Além disso, há outro dado importante: as diferenças encontradas não parecem ser mantidas ao longo do tempo. Analisando a tendência, é possível observar que estas diferenças estão diminuindo: as pontuações médias obtidas por homens e mulheres estão se igualando. Neste ponto, seria lógico nos perguntarmos se as diferenças em habilidades específicas se devem realmente à falta de aptidão ou simplesmente a estereótipos. É possível que as mulheres tenham uma pontuação menor em matemática porque são desmotivadas/pouco estimuladas a estudar esta matéria? É possível que aconteça o mesmo com os homens?

O efeito Flynn

Efeito Flynn é o nome que se dá a um fenômeno curioso. O fato é que se comparamos os resultados dos testes de inteligência feitos há duas décadas com os resultados dos que estão sendo feitos atualmente, percebemos que em muitos lugares do planeta, para não dizer em todos, o quociente intelectual (QI) da população subiu. Este fenômeno ou efeito poderia ser explicado pelas melhorias globais na alimentação, educação ou na tendência de formar famílias menores.

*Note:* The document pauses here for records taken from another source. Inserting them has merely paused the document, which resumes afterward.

Lemma words_null_prod_comb v m (c : 'I_m -> 'I_dd -> R) :
  words_null v ->
  (v *m (\prod_(i < m) \sum_(k < dd) c i k *: P k) *m (const_mx 1 : 'cV[R]_n))
    0 0 = 0.
Proof.
by move=> /(words_null_mulmx_prod c)/(_ [::]); rewrite big_nil mulmx1.
Qed.

End Words.

Lemma words_null_fin_hmm_equiv (R : realType) (n dd : nat)
    (P : 'I_dd -> 'M[R]_n) (pi1 pi2 : 'rV[R]_n) :
  words_null P (pi1 - pi2) <-> fin_hmm_equiv P pi1 pi2.
Proof.
split=> [null m B | eqv s].
  apply/mulmx_entry_eqE.
  have -> : \prod_(i < m) \sum_(a in B i) P a
          = \prod_(i < m) \sum_(k < dd) (k \in B i)%:R *: P k.
    apply: eq_bigr => i _; rewrite big_mkcond; apply: eq_bigr => k _.
    by case: (k \in B i); rewrite ?scale1r ?scale0r.
  exact: words_null_prod_comb.
have /mulmx_entry_eqE := eqv (size s) (fun i => [set tnth (in_tuple s) i]%SET).
rewrite /fin_cyl_prob (big_tuple _ _ (in_tuple s)).
by under eq_bigr do rewrite big_set1.
Qed.

Lemma cvg_mulmx_entry (R : realType) (n : nat) (U : Type) (F : set_system U)
    {FF : Filter F} (M : U -> 'M[R]_n) (L : 'M[R]_n)
    (a : 'rV[R]_n) (b : 'cV[R]_n) :
  (forall i j, (fun u => M u i j) @ F --> L i j) ->
  (fun u => (a *m M u *m b) 0 0) @ F --> (a *m L *m b) 0 0.
Proof.
move=> ML; rewrite mulmx_entry_sum; under eq_fun do rewrite mulmx_entry_sum.
apply: cvg_big => [|i _]; first exact: add_continuous.
apply: cvg_big => [|j _]; first exact: add_continuous.
by apply: cvgMr_tmp; apply: cvgMl_tmp.
Qed.

Section PositiveOpenSets.
Context {R : realType} {d : measure_display} {T : topMeasurableType d}.
Variable mu : {measure set T -> \bar R}.
Hypothesis mu_open : open_positive mu.

Lemma continuous_le0_of_integral_le0 (h : T -> R) (U0 : set T) :
  open U0 -> measurable_fun setT h ->
  (forall x, U0 x -> {for x, continuous h}) ->
  (forall U, open U -> (\int[mu]_(x in U) (h x)%:E <= 0)%E) ->
  forall x, U0 x -> h x <= 0.
Proof.
move=> oU0 mh hc hU x U0x; rewrite leNgt; apply/negP => hx_gt0.
pose e := h x / 2.
have e_gt0 : 0 < e by rewrite divr_gt0.
have e_lt : e < h x by rewrite ltr_pdivrMr // ltr_pMr // ltr1n.
pose U := U0 `&` [set y | e < h y].
have oU : open U.
  rewrite openE => y [U0y ey]; have := oU0; rewrite openE => /(_ y U0y) U0_y.
  by apply: filterI U0_y _; apply: cvgr_gt (hc y U0y) _ ey.
have [mU /(_ (ex_intro _ x (conj U0x e_lt))) muU_gt0] := mu_open oU.
have : (e%:E * mu U <= \int[mu]_(y in U) (h y)%:E)%E.
  rewrite -integral_cst //; apply: ge0_le_integral => //.
  - by move=> y _; rewrite lee_fin ltW.
  - exact/measurable_EFinP/(measurable_funS measurableT).
  - by move=> y [_ /ltW].
move/le_trans/(_ (hU U oU)); apply/negP; rewrite -ltNge.
by rewrite mule_gt0 // lte_fin.
Qed.

End PositiveOpenSets.

Section FunctionalDecomposition.
Context {R : realType} {d : measure_display} {T : topMeasurableType d}.
Variables (mu : {measure set T -> \bar R}) (n dd : nat) (Psi : T -> 'M[R]_n)
  (f : 'I_dd -> T -> R) (P : 'I_dd -> 'M[R]_n).
Hypothesis f_ge0 : forall k x, 0 <= f k x.
Hypothesis f_meas : forall k, measurable_fun setT (f k).
Hypothesis f_int1 : forall k, (\int[mu]_x (f k x)%:E = 1)%E.
Hypothesis Psi_decomp : forall x, Psi x = \sum_(k < dd) f k x *: P k.

Lemma integrable_decomp_fun k A :
  measurable A -> mu.-integrable A (EFin \o f k).
Proof.
move=> mA; apply: (integrableS measurableT) => //.
apply/integrableP; split; first exact/measurable_EFinP.
under eq_integral do rewrite /= ger0_norm//.
by rewrite f_int1 ltry.
Qed.

Lemma integral_decomp_comb A (c : 'I_dd -> R) : measurable A ->
  (\int[mu]_(x in A) (\sum_(k < dd) c k * f k x)%:E
   = (\sum_(k < dd) c k * fine (\int[mu]_(x in A) (f k x)%:E))%:E)%E.
Proof.
move=> mA; have fA k := integrable_decomp_fun k mA.
under eq_integral do rewrite -sumEFin.
rewrite (integral_sum mA); last first.
  move=> k; apply: (eq_integrable mA _ _ _ (integrableZl mA (c k) (fA k))).
  by move=> x _; rewrite EFinM.
rewrite -sumEFin; apply: eq_bigr => k _.
under eq_integral do rewrite EFinM.
by rewrite (integralZl mA (fA k)) EFinM fineK // (integrable_fin_num mA (fA k)).
Qed.

Lemma int_mx_decomp A : measurable A ->
  int_mx mu Psi A = \sum_(k < dd) fine (\int[mu]_(x in A) (f k x)%:E) *: P k.
Proof.
move=> mA; apply/matrixP => i j; rewrite !mxE summxE.
under eq_integral do rewrite Psi_decomp summxE.
under eq_integral => x _ do under eq_bigr => k _ do rewrite mxE mulrC.
by rewrite integral_decomp_comb //=; apply: eq_bigr => k _; rewrite mxE mulrC.
Qed.

Lemma int_mx_setT : int_mx mu Psi setT = \sum_(k < dd) P k.
Proof.
by rewrite int_mx_decomp //; apply: eq_bigr => k _; rewrite f_int1 scale1r.
Qed.

Lemma Psi_entry_decomp (a : 'rV[R]_n) (b : 'cV[R]_n) x :
  (a *m Psi x *m b) 0 0 = \sum_(k < dd) (a *m P k *m b) 0 0 * f k x.
Proof.
by rewrite Psi_decomp mulmx_sumZ_entry; apply: eq_bigr => k _; rewrite mulrC.
Qed.

Lemma measurable_Psi_entry (a : 'rV[R]_n) (b : 'cV[R]_n) :
  measurable_fun setT (fun x => (a *m Psi x *m b) 0 0).
Proof.
under eq_fun do rewrite Psi_entry_decomp.
by apply: measurable_sum => k; apply: measurable_funM.
Qed.

Lemma integral_Psi_entry (a : 'rV[R]_n) (b : 'cV[R]_n) A : measurable A ->
  (\int[mu]_(x in A) ((a *m Psi x *m b) 0 0)%:E
   = ((a *m int_mx mu Psi A *m b) 0 0)%:E)%E.
Proof.
move=> mA; under eq_integral do rewrite Psi_entry_decomp.
rewrite integral_decomp_comb // int_mx_decomp // mulmx_sumZ_entry.
by congr EFin; apply: eq_bigr => k _; rewrite mulrC.
Qed.

Definition cylinders_null (v : 'rV[R]_n) : Prop :=
  forall m (A : 'I_m -> set T), (forall i, measurable (A i)) ->
    (v *m \prod_(i < m) int_mx mu Psi (A i) *m (const_mx 1 : 'cV[R]_n)) 0 0
    = 0.

Lemma hmm_equiv_cylinders_null (pi1 pi2 : 'rV[R]_n) :
  hmm_equiv mu Psi pi1 pi2 <-> cylinders_null (pi1 - pi2).
Proof. by split=> eqv m A mA; apply/mulmx_entry_eqE/eqv. Qed.

Hypothesis mu_open : open_positive mu.
Hypothesis Psi_pc : piecewise_continuous Psi.

Lemma Psi_entry_le0 (a : 'rV[R]_n) (b : 'cV[R]_n) :
  (forall A, measurable A -> (a *m int_mx mu Psi A *m b) 0 0 = 0) ->
  forall x, (a *m Psi x *m b) 0 0 <= 0.
Proof.
move=> int0; have [C' [oC' [Psi_cont Psi_lim]]] := Psi_pc.
have le0_C' : forall x, C' x -> (a *m Psi x *m b) 0 0 <= 0.
  apply: (continuous_le0_of_integral_le0 mu_open oC').
  - exact: measurable_Psi_entry.
  - by move=> x /Psi_cont; apply: cvg_mulmx_entry.
  - by move=> U oU; have [mU _] := mu_open oU; rewrite integral_Psi_entry ?int0.
move=> x; have [/le0_C' //|nC'x] := pselect (C' x).
have [u [u_C' [_ Psi_u]]] := Psi_lim x nC'x.
apply: (closed_cvg _ (@closed_le _ 0) _ _
  (cvg_mulmx_entry (a := a) (b := b) Psi_u)).
by apply: nearW => k; apply: le0_C'.
Qed.

Lemma Psi_entry_eq0 (a : 'rV[R]_n) (b : 'cV[R]_n) :
  (forall A, measurable A -> (a *m int_mx mu Psi A *m b) 0 0 = 0) ->
  forall x, (a *m Psi x *m b) 0 0 = 0.
Proof.
move=> int0 x; apply/eqP; rewrite eq_le Psi_entry_le0 //=.
have := @Psi_entry_le0 (- a) b _ x; rewrite !mulNmx mxE oppr_le0; apply.
by move=> A mA; rewrite !mulNmx mxE int0 // oppr0.
Qed.

Hypothesis f_indep : lin_indep_fun f.

Lemma P_entry_eq0 (a : 'rV[R]_n) (b : 'cV[R]_n) :
  (forall A, measurable A -> (a *m int_mx mu Psi A *m b) 0 0 = 0) ->
  forall k, (a *m P k *m b) 0 0 = 0.
Proof.
move=> int0; apply: (f_indep (c := fun k => (a *m P k *m b) 0 0)) => x.
by rewrite -Psi_entry_decomp Psi_entry_eq0.
Qed.

Lemma cylinders_null_mulmx_P v k :
  cylinders_null v -> cylinders_null (v *m P k).
Proof.
move=> v0 m A mA; rewrite -(mulmxA (v *m P k)).
apply: P_entry_eq0 => A0 mA0.
pose A' (i : 'I_m.+1) := if unlift ord0 i is Some j then A j else A0.
have mA' i : measurable (A' i) by rewrite /A'; case: unlift.
have := v0 _ _ mA'; rewrite big_ord_recl /A' unlift_none.
under eq_bigr do rewrite liftK.
by rewrite -mulmxE !mulmxA.
Qed.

Tomando como referência a matemática, por exemplo, foi observado que tanto homens quanto mulheres melhoraram notavelmente nas últimas décadas. Além disso, como mencionamos, esta melhora promoveu uma diminuição nas diferenças, de maneira que, no que se refere à matemática, a melhora absoluta foi maior no grupo das mulheres.

Esta evolução dos resultados indica, portanto, que tais diferenças podem apontar mais para uma origem cultural do que genética. Se for desta forma, é responsabilidade nossa e dos educadores deixar de promover estereótipos e começar a motivar homens e mulheres da mesma maneira, facilitando que decidam por si mesmos o que querem estudar.

Como vimos, as diferenças de inteligência entre os sexos são muito pequenas, para não dizer inexistentes. É fato que seguem sendo registradas diferenças em habilidades específicas como a verbal, a espacial ou a numérica; porém, também é fato que estas diferenças parecem ser cada vez menores, o que de alguma forma descarta a explicação de que tenham origem genética. Assim, enquanto sociedade, temos um papel importante no surgimento destas diferenças e está em nossas mãos trabalhar para que elas desapareçam.